Task description:
Locate the line bearing "by case/xset_sq_inj => -> ->." in the material below, then reproduce it and each following line up to and including the line bearing "by rewrite bin_small".

Data supplied:

○ ○ ○ ○ ○ ○ ○

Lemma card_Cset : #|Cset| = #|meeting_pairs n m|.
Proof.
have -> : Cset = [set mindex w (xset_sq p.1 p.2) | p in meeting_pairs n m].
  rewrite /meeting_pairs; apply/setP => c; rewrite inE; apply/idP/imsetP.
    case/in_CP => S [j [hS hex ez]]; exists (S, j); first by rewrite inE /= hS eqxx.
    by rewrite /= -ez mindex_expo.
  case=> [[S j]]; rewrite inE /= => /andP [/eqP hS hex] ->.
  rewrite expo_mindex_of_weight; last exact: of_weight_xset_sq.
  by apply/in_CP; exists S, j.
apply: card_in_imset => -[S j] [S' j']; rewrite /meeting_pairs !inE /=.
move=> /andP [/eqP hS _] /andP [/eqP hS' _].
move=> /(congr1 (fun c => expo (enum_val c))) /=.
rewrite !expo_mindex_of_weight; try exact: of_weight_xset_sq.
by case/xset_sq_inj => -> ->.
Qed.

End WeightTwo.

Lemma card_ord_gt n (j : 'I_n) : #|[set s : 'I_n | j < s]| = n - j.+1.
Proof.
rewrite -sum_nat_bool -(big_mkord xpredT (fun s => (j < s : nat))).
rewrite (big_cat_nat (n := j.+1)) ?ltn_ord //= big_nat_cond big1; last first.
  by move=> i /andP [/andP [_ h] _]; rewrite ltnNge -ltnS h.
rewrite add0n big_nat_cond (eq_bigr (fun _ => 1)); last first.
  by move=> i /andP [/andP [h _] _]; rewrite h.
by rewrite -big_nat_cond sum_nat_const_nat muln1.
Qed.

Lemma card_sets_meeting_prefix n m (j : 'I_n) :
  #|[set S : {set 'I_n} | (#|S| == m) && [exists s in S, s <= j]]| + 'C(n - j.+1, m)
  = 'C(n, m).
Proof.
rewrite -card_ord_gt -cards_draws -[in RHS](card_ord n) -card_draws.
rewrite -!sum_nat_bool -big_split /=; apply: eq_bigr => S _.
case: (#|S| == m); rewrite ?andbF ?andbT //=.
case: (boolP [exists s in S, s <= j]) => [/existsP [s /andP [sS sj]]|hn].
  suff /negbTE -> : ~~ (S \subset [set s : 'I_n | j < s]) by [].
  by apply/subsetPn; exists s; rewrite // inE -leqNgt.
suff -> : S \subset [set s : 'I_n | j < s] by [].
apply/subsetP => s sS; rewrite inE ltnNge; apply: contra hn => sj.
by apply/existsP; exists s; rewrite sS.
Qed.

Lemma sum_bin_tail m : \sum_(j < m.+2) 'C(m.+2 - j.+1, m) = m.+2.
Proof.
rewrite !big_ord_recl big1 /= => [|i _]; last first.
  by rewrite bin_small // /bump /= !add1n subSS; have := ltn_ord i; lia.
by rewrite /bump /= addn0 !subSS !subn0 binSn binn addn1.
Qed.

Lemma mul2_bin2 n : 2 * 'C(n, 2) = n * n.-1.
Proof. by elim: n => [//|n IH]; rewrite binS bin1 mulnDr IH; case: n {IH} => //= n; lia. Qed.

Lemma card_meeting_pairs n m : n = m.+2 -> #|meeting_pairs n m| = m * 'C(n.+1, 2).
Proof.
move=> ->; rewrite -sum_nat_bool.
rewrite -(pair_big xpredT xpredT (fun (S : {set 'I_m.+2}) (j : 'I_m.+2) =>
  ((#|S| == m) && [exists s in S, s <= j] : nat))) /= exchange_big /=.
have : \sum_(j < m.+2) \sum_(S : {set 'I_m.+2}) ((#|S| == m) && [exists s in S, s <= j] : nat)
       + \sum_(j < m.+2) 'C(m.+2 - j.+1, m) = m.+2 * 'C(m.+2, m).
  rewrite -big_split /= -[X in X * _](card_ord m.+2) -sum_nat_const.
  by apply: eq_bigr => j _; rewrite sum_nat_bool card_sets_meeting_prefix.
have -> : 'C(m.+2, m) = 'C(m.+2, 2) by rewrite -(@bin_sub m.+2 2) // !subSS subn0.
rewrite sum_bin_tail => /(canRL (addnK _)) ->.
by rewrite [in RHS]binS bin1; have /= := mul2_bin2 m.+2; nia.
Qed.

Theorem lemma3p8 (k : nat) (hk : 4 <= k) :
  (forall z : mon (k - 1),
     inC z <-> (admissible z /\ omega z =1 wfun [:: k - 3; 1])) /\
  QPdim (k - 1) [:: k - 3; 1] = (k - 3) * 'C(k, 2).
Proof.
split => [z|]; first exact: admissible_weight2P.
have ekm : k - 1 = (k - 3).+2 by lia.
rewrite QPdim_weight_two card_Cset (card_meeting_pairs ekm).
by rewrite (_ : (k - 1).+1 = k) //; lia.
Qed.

○ ○ ○ ○ ○ ○ ○

Problem solution:
by case/xset_sq_inj => -> ->.
Qed.

End WeightTwo.

Lemma card_ord_gt n (j : 'I_n) : #|[set s : 'I_n | j < s]| = n - j.+1.
Proof.
rewrite -sum_nat_bool -(big_mkord xpredT (fun s => (j < s : nat))).
rewrite (big_cat_nat (n := j.+1)) ?ltn_ord //= big_nat_cond big1; last first.
  by move=> i /andP [/andP [_ h] _]; rewrite ltnNge -ltnS h.
rewrite add0n big_nat_cond (eq_bigr (fun _ => 1)); last first.
  by move=> i /andP [/andP [h _] _]; rewrite h.
by rewrite -big_nat_cond sum_nat_const_nat muln1.
Qed.

Lemma card_sets_meeting_prefix n m (j : 'I_n) :
  #|[set S : {set 'I_n} | (#|S| == m) && [exists s in S, s <= j]]| + 'C(n - j.+1, m)
  = 'C(n, m).
Proof.
rewrite -card_ord_gt -cards_draws -[in RHS](card_ord n) -card_draws.
rewrite -!sum_nat_bool -big_split /=; apply: eq_bigr => S _.
case: (#|S| == m); rewrite ?andbF ?andbT //=.
case: (boolP [exists s in S, s <= j]) => [/existsP [s /andP [sS sj]]|hn].
  suff /negbTE -> : ~~ (S \subset [set s : 'I_n | j < s]) by [].
  by apply/subsetPn; exists s; rewrite // inE -leqNgt.
suff -> : S \subset [set s : 'I_n | j < s] by [].
apply/subsetP => s sS; rewrite inE ltnNge; apply: contra hn => sj.
by apply/existsP; exists s; rewrite sS.
Qed.

Lemma sum_bin_tail m : \sum_(j < m.+2) 'C(m.+2 - j.+1, m) = m.+2.
Proof.
rewrite !big_ord_recl big1 /= => [|i _]; last first.
  by rewrite bin_small // /bump /= !add1n subSS; have := ltn_ord i; lia.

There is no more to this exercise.